*** Opening of Records shown ***
Lemma rk1_taut_couple_transp (K : fieldType) (X Y : lmodType K) (q : X -> Y -> K) F G :
  rk1_taut_couple q F G -> rk1_taut_couple (transp q) G F.
Proof. by case. Qed.

Lemma rk1_joint_transp (K : fieldType) (X Y : lmodType K) (q : X -> Y -> K) F G v w :
  rk1_joint (transp q) G F w v <-> rk1_joint q F G v w.
Proof. by split; case. Qed.

Lemma flag_determined (K : fieldType) (X Y : lmodType K) (q : X -> Y -> K)
  (qZl : forall a u y, q (a *: u) y = a * q u y)
  (qZr : forall a u y, q u (a *: y) = a * q u y) F1 G1 F2 G2 :
  rk1_taut_couple q F1 G1 -> rk1_taut_couple q F2 G2 ->
  (forall v w, rk1_joint q F1 G1 v w <-> rk1_joint q F2 G2 v w) -> F1 = F2.
Proof.
case=> [[HF1 sc1 taut1] [HG1 scG1 tautG1]] [[HF2 sc2 taut2] [HG2 scG2 tautG2]] ejoint.
apply: (flag_eq_of_closures HF1 HF2 sc1 sc2) => v u v0.
rewrite (closure_below_joint qZl qZr HF1 HG1 scG1 taut1 tautG1 u v0).
rewrite (closure_below_joint qZl qZr HF2 HG2 scG2 taut2 tautG2 u v0).
by split=> ann w /ejoint /ann.
Qed.

Section RankOneActions.
Variables (K : fieldType) (V W : lmodType K) (p : V -> W -> K).

Lemma actV_rank1 v w : actV p [:: (v, w)] = fun u => p u w *: v.
Proof. by apply: functional_extensionality => u; rewrite /actV big_seq1. Qed.

Lemma actW_rank1 v w : actW p [:: (v, w)] = fun y => - (p v y *: w).
Proof. by apply: functional_extensionality => y; rewrite /actW big_seq1. Qed.

Lemma StV_rank1 F v w : gen_flag F -> StV p F [:: (v, w)] <-> rk1_stab p F v w.
Proof.
move=> HF; rewrite /StV /stab actV_rank1; split=> stab A FA.
- by apply/(scale_stable (fun u => p u w) v (flag_subspace HF FA)); apply: stab.
- exact/(scale_stable (fun u => p u w) v (flag_subspace HF FA))/stab.
Qed.

Lemma StW_rank1 G v w : gen_flag G -> StW p G [:: (v, w)] <-> rk1_stab (transp p) G w v.
Proof.
move=> HG; rewrite /StW /stab actW_rank1; split=> stab B GB.
- apply/(scale_stable (p v) w (flag_subspace HG GB)) => y By.
  by apply/(subspaceN _ (flag_subspace HG GB)); apply: stab.
- move=> y By; apply/(subspaceN _ (flag_subspace HG GB)).
  exact: (scale_stable (p v) w (flag_subspace HG GB)).2 (stab B GB) y By.
Qed.

Lemma joint_rank1 F G v w : gen_flag F -> gen_flag G ->
  (StV p F [:: (v, w)] /\ StW p G [:: (v, w)]) <-> rk1_joint p F G v w.
Proof. by move=> HF HG; rewrite /rk1_joint (StV_rank1 _ _ HF) (StW_rank1 _ _ HG). Qed.

Lemma rk1_taut_of_StV F G : gen_flag F ->
  (forall s, StV p F s -> StV p (perp_famW p G) s) -> rk1_taut p F G.
Proof.
move=> HF tautFG v w stab B GB x perp_x.
have memB : perp_famW p G (perpW p B) by exists B.
have := tautFG _ (proj2 (StV_rank1 _ _ HF) stab) _ memB x perp_x.
by rewrite actV_rank1.
Qed.

Hypothesis pZr : forall a u y, p u (a *: y) = a * p u y.

Lemma rk1_taut_of_StW F G : gen_flag G ->
  (forall s, StW p G s -> StW p (perp_famV p F) s) -> rk1_taut (transp p) G F.
Proof.
move=> HG tautGF w v stab A FA y perp_y x Ax.
have memA : perp_famV p F (perpV p A) by exists A.
have := tautGF _ (proj2 (StW_rank1 _ _ HG) stab) _ memA y perp_y x Ax.
rewrite actW_rank1 /transp -scaleNr !pZr mulNr => /eqP.
by rewrite oppr_eq0 => /eqP.
Qed.

Lemma rk1_of_taut_couple F G : taut_couple p F G -> rk1_taut_couple p F G.
Proof.
case=> HF [scF [HG [scG [tautGF tautFG]]]]; split; split=> //.
- exact: rk1_taut_of_StV.
- exact: rk1_taut_of_StW.
Qed.

End RankOneActions.

Theorem proposition3p8 (K : numClosedFieldType) (V W : lmodType K) (p : V -> W -> K)
  (p_lin_l : forall (y : W) (a : K) (u v : V), p (a *: u + v) y = a * p u y + p v y)
  (p_lin_r : forall (u : V) (a : K) (y z : W), p u (a *: y + z) = a * p u y + p u z)
  (nd_l : forall u : V, (forall y : W, p u y = 0) -> u = 0)
  (nd_r : forall y : W, (forall u : V, p u y = 0) -> y = 0)
  (cV : countable_dim V) (cW : countable_dim W)
  (F1 F2 : (V -> Prop) -> Prop) (G1 G2 : (W -> Prop) -> Prop) :
  taut_couple p F1 G1 -> taut_couple p F2 G2 ->
  (forall s : seq (V * W), (StV p F1 s /\ StW p G1 s) <-> (StV p F2 s /\ StW p G2 s)) ->
  F1 = F2 /\ G1 = G2.
Proof.
move=> taut1 taut2 same_stab.
have pZl a u y : p (a *: u) y = a * p u y.
  exact: (@functional_scale _ _ (fun u => p u y) (p_lin_l y)).
have pZr a u y : p u (a *: y) = a * p u y.
  exact: (@functional_scale _ _ (fun y => p u y) (p_lin_r u)).
have C1 := rk1_of_taut_couple pZr taut1; have C2 := rk1_of_taut_couple pZr taut2.
have [[HF1 _ _] [HG1 _ _]] := C1; have [[HF2 _ _] [HG2 _ _]] := C2.
have same_joint v w : rk1_joint p F1 G1 v w <-> rk1_joint p F2 G2 v w.
  by rewrite -(joint_rank1 p v w HF1 HG1) -(joint_rank1 p v w HF2 HG2).
split; first exact: (flag_determined pZl pZr C1 C2 same_joint).
apply: (flag_determined (fun a w x => pZr a x w) (fun a w x => pZl a x w)
          (rk1_taut_couple_transp C1) (rk1_taut_couple_transp C2)) => w v.
rewrite (@rk1_joint_transp _ _ _ p F1 G1 v w) (@rk1_joint_transp _ _ _ p F2 G2 v w).
exact: same_joint.
Qed.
*** Close of Records shown ***
What this task involves.
Exactly as written, please reproduce the lines from the first line of the data to the line containing "case=> [[HF1 sc1", inclusive, and nothing else.

Written answer.
Lemma rk1_taut_couple_transp (K : fieldType) (X Y : lmodType K) (q : X -> Y -> K) F G :
  rk1_taut_couple q F G -> rk1_taut_couple (transp q) G F.
Proof. by case. Qed.

Lemma rk1_joint_transp (K : fieldType) (X Y : lmodType K) (q : X -> Y -> K) F G v w :
  rk1_joint (transp q) G F w v <-> rk1_joint q F G v w.
Proof. by split; case. Qed.

Lemma flag_determined (K : fieldType) (X Y : lmodType K) (q : X -> Y -> K)
  (qZl : forall a u y, q (a *: u) y = a * q u y)
  (qZr : forall a u y, q u (a *: y) = a * q u y) F1 G1 F2 G2 :
  rk1_taut_couple q F1 G1 -> rk1_taut_couple q F2 G2 ->
  (forall v w, rk1_joint q F1 G1 v w <-> rk1_joint q F2 G2 v w) -> F1 = F2.
Proof.
case=> [[HF1 sc1 taut1] [HG1 scG1 tautG1]] [[HF2 sc2 taut2] [HG2 scG2 tautG2]] ejoint.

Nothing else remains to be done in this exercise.